Trip to Manhattan sparked a practice rethink and enabled advisor to deepen relationships and grow his book
Don Emond was running up against a wall in 2006. The Cobourg-based advisor had built up a successful practice but couldn’t find much room to grow. His “take anyone” policy had resulted in about 600 relationships, stretching his resources and keeping him from growing his book.
“There’s only so many hours in a day,” Emond told WP. “I either had to hire more people and continue the model that I had, or the service level would diminish in order for me to grow. In order to grow the assets, I would have to change that business model.”
Emond wanted deep relationships with his clients, though, and neither option gave him the space to provide the holistic service he prides himself on.

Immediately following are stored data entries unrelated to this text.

(* Let $L$ be a Lie algebra over a field $F$ satisfying an identity \[f(x_0,x_1,\dots,x_{n-1})=[x_0,x_1,\dots,x_{n-1}]+\sum_{1\ne\sigma\in S_{n-1}}\alpha_\sigma[x_0,x_{\sigma(1)},\dots,x_{\sigma(n-1)}]=0,\quad\alpha_\sigma\in F,\] where $n$ is the minimal degree of an identity satisfied by $L$. Let $f_1(x_0,x_2,\dots,x_{n-1})=[x_0,x_2,\dots,x_{n-1}]+\sum_{1\ne\sigma\in S_{n-1},\,\sigma(1)=1}\alpha_\sigma[x_0,x_{\sigma(2)},\dots,x_{\sigma(n-1)}]$. Then for arbitrary elements $a,b_2,\dots,b_{n-1},c\in\tilde L=L\otimes_FE$, \[[f_1(a,b_2,\dots,b_{n-1}),c]\in\sum F[a,b_{i_2},\dots,[b_{i_k},c],\dots,b_{i_{n-1}}],\] where the sum runs over all permutations $i_2,\dots,i_{n-1}$ of $2,\dots,n-1$ and all positions $2\le k\le n-1$.
   Context: Commutators are left-normed: $[a,b,c,\dots]=[\cdots[[a,b],c],\dots]$. $E$ is the commutative associative $F$-algebra without unit generated by $e_1,e_2,\dots$ with relations $e_i^2=0$, and $\tilde L=L\otimes_FE$ with $[x\otimes\alpha,y\otimes\beta]=[x,y]\otimes\alpha\beta$. *)

From HB Require Import structures.
From mathcomp Require Import all_boot all_order all_algebra.
From mathcomp Require Import fingroup perm finmap.
Set Implicit Arguments.
Unset Strict Implicit.
Unset Printing Implicit Defensive.
Import Order.TTheory GRing.Theory.
Local Open Scope ring_scope.


Definition is_lie (F : fieldType) (L : lmodType F) (br : L -> L -> L) : Prop :=
  [/\ (forall (a : F) x y z, br (a *: x + y) z = a *: br x z + br y z),
      (forall (a : F) x y z, br x (a *: y + z) = a *: br x y + br x z),
      (forall x, br x x = 0)
    & (forall x y z, br (br x y) z + br (br y z) x + br (br z x) y = 0)].

Definition lcomm (T : Type) (br : T -> T -> T) (x0 : T) (s : seq T) : T :=
  foldl br x0 s.

Inductive lterm : Type :=
| LVar of nat
| LBr of lterm & lterm.

Fixpoint leval (T : Type) (br : T -> T -> T) (v : nat -> T) (t : lterm) : T :=
  match t with
  | LVar i => v i
  | LBr t1 t2 => br (leval br v t1) (leval br v t2)
  end.

Fixpoint lsize (t : lterm) : nat :=
  match t with
  | LVar _ => 1
  | LBr t1 t2 => lsize t1 + lsize t2
  end.

Definition lpoly (F : fieldType) := seq (F * lterm).

Definition peval (F : fieldType) (L : lmodType F) (br : L -> L -> L)
  (p : lpoly F) (v : nat -> L) : L :=
  \sum_(q <- p) q.1 *: leval br v q.2.

Definition pdeg (F : fieldType) (p : lpoly F) : nat :=
  \max_(q <- p | q.1 != 0) lsize q.2.

Definition is_identity (F : fieldType) (L : lmodType F) (br : L -> L -> L)
  (p : lpoly F) : Prop :=
  forall v : nat -> L, peval br p v = 0.

(* p is a nonzero Lie polynomial, i.e. not an identity of every Lie algebra
   over F (equivalently: p is nonzero in the free Lie algebra) *)
Definition nontrivial_lpoly (F : fieldType) (p : lpoly F) : Prop :=
  exists (M : lmodType F) (brM : M -> M -> M), is_lie brM /\ ~ is_identity brM p.

Definition no_identity_below (F : fieldType) (L : lmodType F) (br : L -> L -> L)
  (n : nat) : Prop :=
  forall p : lpoly F, (pdeg p < n)%N -> nontrivial_lpoly p -> ~ is_identity br p.

(* E has the F-basis e_S = prod_{i in S} e_i, S a nonempty finite set of
   indices, with e_S e_T = e_{S u T} if S, T disjoint and 0 otherwise.
   Hence an element of L~ = L (x) E is uniquely sum_S u(S) (x) e_S, i.e. a
   finitely supported function u from finite sets of indices to L with
   u(emptyset) = 0. *)
Definition tilde (L : Type) := {fset nat} -> L.

Definition in_tilde (F : fieldType) (L : lmodType F) (u : tilde L) : Prop :=
  u fset0 = 0 /\ exists s : seq {fset nat}, forall S, S \notin s -> u S = 0.

Definition zeroT (F : fieldType) (L : lmodType F) : tilde L := fun _ => 0.
Definition addT (F : fieldType) (L : lmodType F) (u v : tilde L) : tilde L :=
  fun S => u S + v S.
Definition scaleT (F : fieldType) (L : lmodType F) (a : F) (u : tilde L) : tilde L :=
  fun S => a *: u S.

(* [x (x) e_T, y (x) e_U] = [x,y] (x) e_T e_U, extended bilinearly:
   the e_S-coefficient of [u,v] is sum over T subset S of [u(T), v(S\T)] *)
Definition brT (F : fieldType) (L : lmodType F) (br : L -> L -> L)
  (u v : tilde L) : tilde L :=
  fun S => \sum_(T <- fpowerset S) br (u T) (v (S `\` T)%fset).

(* Here n = m.+2.  Variables x_1, ..., x_{n-1} are indexed by 'I_(m.+1)
   (ord0 <-> x_1), and S_{n-1} = 'S_(m.+1).
   f(x_0, x_1..x_{n-1}) = sum_sigma alpha_sigma [x_0, x_sigma(1), ..., x_sigma(n-1)]
   (with alpha_1 = 1 assumed separately). *)
Definition fpoly (F : fieldType) (L : lmodType F) (br : L -> L -> L) (m : nat)
  (alpha : 'S_(m.+1) -> F) (x0 : L) (x : 'I_(m.+1) -> L) : L :=
  \sum_(s : 'S_(m.+1)) alpha s *: lcomm br x0 [seq x (s i) | i <- enum 'I_(m.+1)].

(* extend b : 'I_m -> L~ (the variables x_2..x_{n-1}) to 'I_(m.+1) with a
   dummy value at x_1 (never used below, since sigma(1) = 1) *)
Definition extb (F : fieldType) (L : lmodType F) (m : nat) (b : 'I_m -> tilde L)
  (j : 'I_(m.+1)) : tilde L :=
  if unlift ord0 j is Some i then b i else zeroT L.

Definition f1T (F : fieldType) (L : lmodType F) (br : L -> L -> L) (m : nat)
  (alpha : 'S_(m.+1) -> F) (a : tilde L) (b : 'I_m -> tilde L) : tilde L :=
  \big[@addT F L/zeroT L]_(s : 'S_(m.+1) | s ord0 == ord0)
     scaleT (alpha s)
       (lcomm (brT br) a [seq extb b (s (lift ord0 i)) | i <- enum 'I_m]).

Definition inner_term (F : fieldType) (L : lmodType F) (br : L -> L -> L) (m : nat)
  (a : tilde L) (b : 'I_m -> tilde L) (c : tilde L) (t : 'S_m) (k : 'I_m) : tilde L :=
  lcomm (brT br) a
    [seq (if i == k then brT br (b (t i)) c else b (t i)) | i <- enum 'I_m].

From HB Require Import structures.
From mathcomp Require Import all_boot all_order all_algebra.
From mathcomp Require Import fingroup perm finmap.
From Stdlib Require Import FunctionalExtensionality.
From mathcomp Require Import zify.
Set Implicit Arguments.
Unset Strict Implicit.
Unset Printing Implicit Defensive.
Import GRing.Theory.
Local Open Scope ring_scope.

(* The e_S-coefficient of a left-normed commutator [u_0, ..., u_k] in L~ is the
   sum, over ordered decompositions S = P_0 + ... + P_k into disjoint blocks, of
   [u_0(P_0), ..., u_k(P_k)] computed in L.  Permuting the blocks together with
   the variables shows that every identity of L which is a linear combination of
   left-normed commutators in permuted variables (anticommutativity, Jacobi,
   f = 0) still holds in L~.

   Substitute x_0 := c, x_1 := a, x_(i+1) := b_i in f = 0.  As [c, a] = -[a, c],
   the terms with sigma(1) = 1 add up to sum alpha_sigma [[a, c], b_..], which
   thus equals the sum of the remaining terms [c, b_.., a, b_..] =
   -[[a, [c, b_..]], b_..].  By Jacobi, both [a, [c, b_u]] and the defect
   [[a, b_u], c] - [[a, c], b_u] are combinations of the commutators
   [a, b_.., [b_j, c], .., b_..], and [f_1(a, b), c] is the sum over sigma(1) = 1
   of alpha_sigma ([[a, c], b_..] + defect). *)

Fixpoint fsplits (k : nat) (S : {fset nat}) : seq (seq {fset nat}) :=
  match k with
  | 0 => [:: [:: S]]
  | k'.+1 => [seq rcons P (S `\` T)%fset | T <- fpowerset S, P <- fsplits k' T]
  end.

That’s when he went to New York.
“I was fortunate enough to go to Manhattan for the fifth anniversary of 9/11,” Emond said. “While I was down there, I had an opportunity to sit at a group lunch with the fourth largest investment advisor in the United States. He told us that he had a team of five people and a book of $9 billion.”
Emond was floored, asking “how can someone get that big?” The American advisor replied: “shrink to grow”.
Don Emond has run with that mantra ever since. Focusing on high-net-worth clients, he’s reformed his practice into a truly holistic shop that quarterbacks all his clients’ needs. With a “shrink to grow” ethos, Don has grown his book and deepened his relationships without stretching his capacity. All of this began at a luncheon.
What the American advisor had done was define a holistic service offering in Connecticut and put a $5 million account size in place. He started with no clients and grew his book out of exclusively high-net-worth individuals.
Emond thought he’d found his solution. But what works in Connecticut might not work in Cobourg, where there are a few less multimillionaires walking around. Don had to find the right cut-off. He started at a $500,000 minimum.
Over five years Emond sold off about $50 million at the bottom of his book, representing half of his total relationships. He brought on two young advisors to take those clients. Once they’d paid him for the assets, they moved to their own practice. It was a slow-motion transition that left his lower net worth clients satisfied.
Emond designed his new service offering as truly holistic. “We’d not only to take care of people's investments, we’d help them with estate planning, taxes, and actually truly do it, not just provide lip service to it.”
Emond would take new clients to meetings with lawyers where they developed new wills and powers of attorney together. He’d sit with every client to make sure their financial and investment plans were totally connected and aligned to that client’s needs and wants.
Don adopted the “shrink to grow” mantra to expand his AUM. What he learned, is that the relationships he built with clients could run so much deeper thanks to the time he now had.
“The impetus for changing the practice was to grow the book without diminishing the service,” Emond said, “now I have less relationships, but more deep and meaningful relationships with far more assets.
“Shrinking the number of relationships in the practice allowed us to spend a lot more time per client per year. We’ve built deeper, more meaningful relationships with every client in the practice. As well, when new clients come in, we're not diminishing the service offering, because we're not at capacity.”
Emond thinks “shrink to grow” can be a successful strategy for advisors squeezed by fee pressure and the call to provide a more holistic service. Mass advice may not be the answer in an era of robo-advisors. Emond’s strategy, focusing on higher net worth individuals through a real commitment to meeting all their needs, has worked for him.
In 2015 and 2016, Emond made it onto WP’s Top 50 Advisors list.
“That was recognition that I was on the right path,” he said.
Recognition hasn’t stopped Emond from pushing, though. He’s still looking around the industry for insights and advantages, even as he shares his own.
“I think that most of the really good things that I incorporated into the practice have come from other successful advisors,” he said. “I'm always looking to people that are more successful and trying to glean best practices and good ideas from those people.
“I think that's part of success, that progression towards a goal.”